#### Task directions:
Of all the entries below, retype only the lines from the one with "Lemma Phi_cone0 : Phi_cone 0." through the one with "be a discrete", exactly as they appear.

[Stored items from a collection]
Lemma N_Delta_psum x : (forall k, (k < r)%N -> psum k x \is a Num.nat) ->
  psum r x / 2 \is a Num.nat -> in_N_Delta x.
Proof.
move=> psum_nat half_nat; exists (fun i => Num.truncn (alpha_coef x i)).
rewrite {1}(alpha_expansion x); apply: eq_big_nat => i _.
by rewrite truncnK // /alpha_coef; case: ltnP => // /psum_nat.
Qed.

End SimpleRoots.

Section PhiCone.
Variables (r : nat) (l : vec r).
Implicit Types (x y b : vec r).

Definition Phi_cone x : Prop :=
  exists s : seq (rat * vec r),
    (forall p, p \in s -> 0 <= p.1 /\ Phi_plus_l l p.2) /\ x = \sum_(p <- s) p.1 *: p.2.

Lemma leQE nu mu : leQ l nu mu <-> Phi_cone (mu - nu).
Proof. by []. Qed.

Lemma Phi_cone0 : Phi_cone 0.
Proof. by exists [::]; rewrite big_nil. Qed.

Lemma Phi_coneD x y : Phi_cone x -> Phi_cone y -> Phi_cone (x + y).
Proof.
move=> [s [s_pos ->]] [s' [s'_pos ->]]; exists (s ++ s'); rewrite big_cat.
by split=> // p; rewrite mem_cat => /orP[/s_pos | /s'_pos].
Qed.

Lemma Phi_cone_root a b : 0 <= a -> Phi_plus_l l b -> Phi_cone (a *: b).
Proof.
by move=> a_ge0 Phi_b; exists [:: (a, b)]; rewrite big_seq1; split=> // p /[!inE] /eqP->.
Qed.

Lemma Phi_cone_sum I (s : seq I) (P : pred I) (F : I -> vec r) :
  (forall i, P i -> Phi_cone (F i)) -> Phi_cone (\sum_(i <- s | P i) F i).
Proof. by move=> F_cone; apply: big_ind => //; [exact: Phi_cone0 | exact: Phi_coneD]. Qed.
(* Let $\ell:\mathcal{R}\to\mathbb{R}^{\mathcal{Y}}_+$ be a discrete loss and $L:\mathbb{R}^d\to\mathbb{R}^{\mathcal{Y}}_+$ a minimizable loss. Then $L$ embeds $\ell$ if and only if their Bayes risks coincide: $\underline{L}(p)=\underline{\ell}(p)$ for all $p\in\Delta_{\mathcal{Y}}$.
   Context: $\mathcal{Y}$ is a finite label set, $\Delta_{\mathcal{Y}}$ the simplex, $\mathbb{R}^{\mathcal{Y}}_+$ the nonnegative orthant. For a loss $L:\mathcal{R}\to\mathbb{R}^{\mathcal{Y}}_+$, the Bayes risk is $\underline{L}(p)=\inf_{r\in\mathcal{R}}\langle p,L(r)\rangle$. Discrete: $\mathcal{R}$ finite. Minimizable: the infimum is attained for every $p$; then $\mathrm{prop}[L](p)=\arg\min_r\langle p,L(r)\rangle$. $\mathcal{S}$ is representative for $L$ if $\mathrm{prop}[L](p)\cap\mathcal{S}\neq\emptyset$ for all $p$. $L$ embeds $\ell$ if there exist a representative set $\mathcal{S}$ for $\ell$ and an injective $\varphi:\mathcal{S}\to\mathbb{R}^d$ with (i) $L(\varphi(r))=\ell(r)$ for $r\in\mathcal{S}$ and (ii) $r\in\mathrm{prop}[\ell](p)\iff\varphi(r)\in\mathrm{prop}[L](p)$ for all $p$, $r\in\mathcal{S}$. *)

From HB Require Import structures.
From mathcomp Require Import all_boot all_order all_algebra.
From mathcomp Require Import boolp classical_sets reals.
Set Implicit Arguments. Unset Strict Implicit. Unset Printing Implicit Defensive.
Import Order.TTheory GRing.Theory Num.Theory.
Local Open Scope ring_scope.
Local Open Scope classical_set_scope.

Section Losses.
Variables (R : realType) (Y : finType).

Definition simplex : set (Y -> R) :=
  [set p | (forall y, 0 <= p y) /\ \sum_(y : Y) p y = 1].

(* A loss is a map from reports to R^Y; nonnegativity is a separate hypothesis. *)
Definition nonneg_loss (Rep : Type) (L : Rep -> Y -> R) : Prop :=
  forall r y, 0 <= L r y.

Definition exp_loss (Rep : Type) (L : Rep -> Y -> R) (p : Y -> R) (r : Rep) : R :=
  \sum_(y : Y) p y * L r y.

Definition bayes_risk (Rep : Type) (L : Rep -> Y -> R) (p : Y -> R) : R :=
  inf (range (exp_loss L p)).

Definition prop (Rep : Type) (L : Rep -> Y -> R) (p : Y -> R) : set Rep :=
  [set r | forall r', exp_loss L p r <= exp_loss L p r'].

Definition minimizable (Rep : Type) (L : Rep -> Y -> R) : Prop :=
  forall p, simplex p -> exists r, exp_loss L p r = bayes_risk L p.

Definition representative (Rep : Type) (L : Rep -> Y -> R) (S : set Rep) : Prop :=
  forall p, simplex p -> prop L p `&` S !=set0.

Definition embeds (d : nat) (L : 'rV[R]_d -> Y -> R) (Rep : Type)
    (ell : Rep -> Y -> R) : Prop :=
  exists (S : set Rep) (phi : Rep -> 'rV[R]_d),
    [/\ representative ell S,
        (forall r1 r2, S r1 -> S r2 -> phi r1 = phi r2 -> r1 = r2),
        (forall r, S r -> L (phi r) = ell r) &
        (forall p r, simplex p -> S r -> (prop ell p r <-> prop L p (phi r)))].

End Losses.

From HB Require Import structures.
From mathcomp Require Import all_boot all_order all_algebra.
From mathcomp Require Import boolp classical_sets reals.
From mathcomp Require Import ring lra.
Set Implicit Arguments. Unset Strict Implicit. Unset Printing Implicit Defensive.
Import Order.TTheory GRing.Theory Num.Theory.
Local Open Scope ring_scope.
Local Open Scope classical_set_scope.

#### Solution to this problem:
Lemma Phi_cone0 : Phi_cone 0.
Proof. by exists [::]; rewrite big_nil. Qed.

Lemma Phi_coneD x y : Phi_cone x -> Phi_cone y -> Phi_cone (x + y).
Proof.
move=> [s [s_pos ->]] [s' [s'_pos ->]]; exists (s ++ s'); rewrite big_cat.
by split=> // p; rewrite mem_cat => /orP[/s_pos | /s'_pos].
Qed.

Lemma Phi_cone_root a b : 0 <= a -> Phi_plus_l l b -> Phi_cone (a *: b).
Proof.
by move=> a_ge0 Phi_b; exists [:: (a, b)]; rewrite big_seq1; split=> // p /[!inE] /eqP->.
Qed.

Lemma Phi_cone_sum I (s : seq I) (P : pred I) (F : I -> vec r) :
  (forall i, P i -> Phi_cone (F i)) -> Phi_cone (\sum_(i <- s | P i) F i).
Proof. by move=> F_cone; apply: big_ind => //; [exact: Phi_cone0 | exact: Phi_coneD]. Qed.
(* Let $\ell:\mathcal{R}\to\mathbb{R}^{\mathcal{Y}}_+$ be a discrete loss and $L:\mathbb{R}^d\to\mathbb{R}^{\mathcal{Y}}_+$ a minimizable loss. Then $L$ embeds $\ell$ if and only if their Bayes risks coincide: $\underline{L}(p)=\underline{\ell}(p)$ for all $p\in\Delta_{\mathcal{Y}}$.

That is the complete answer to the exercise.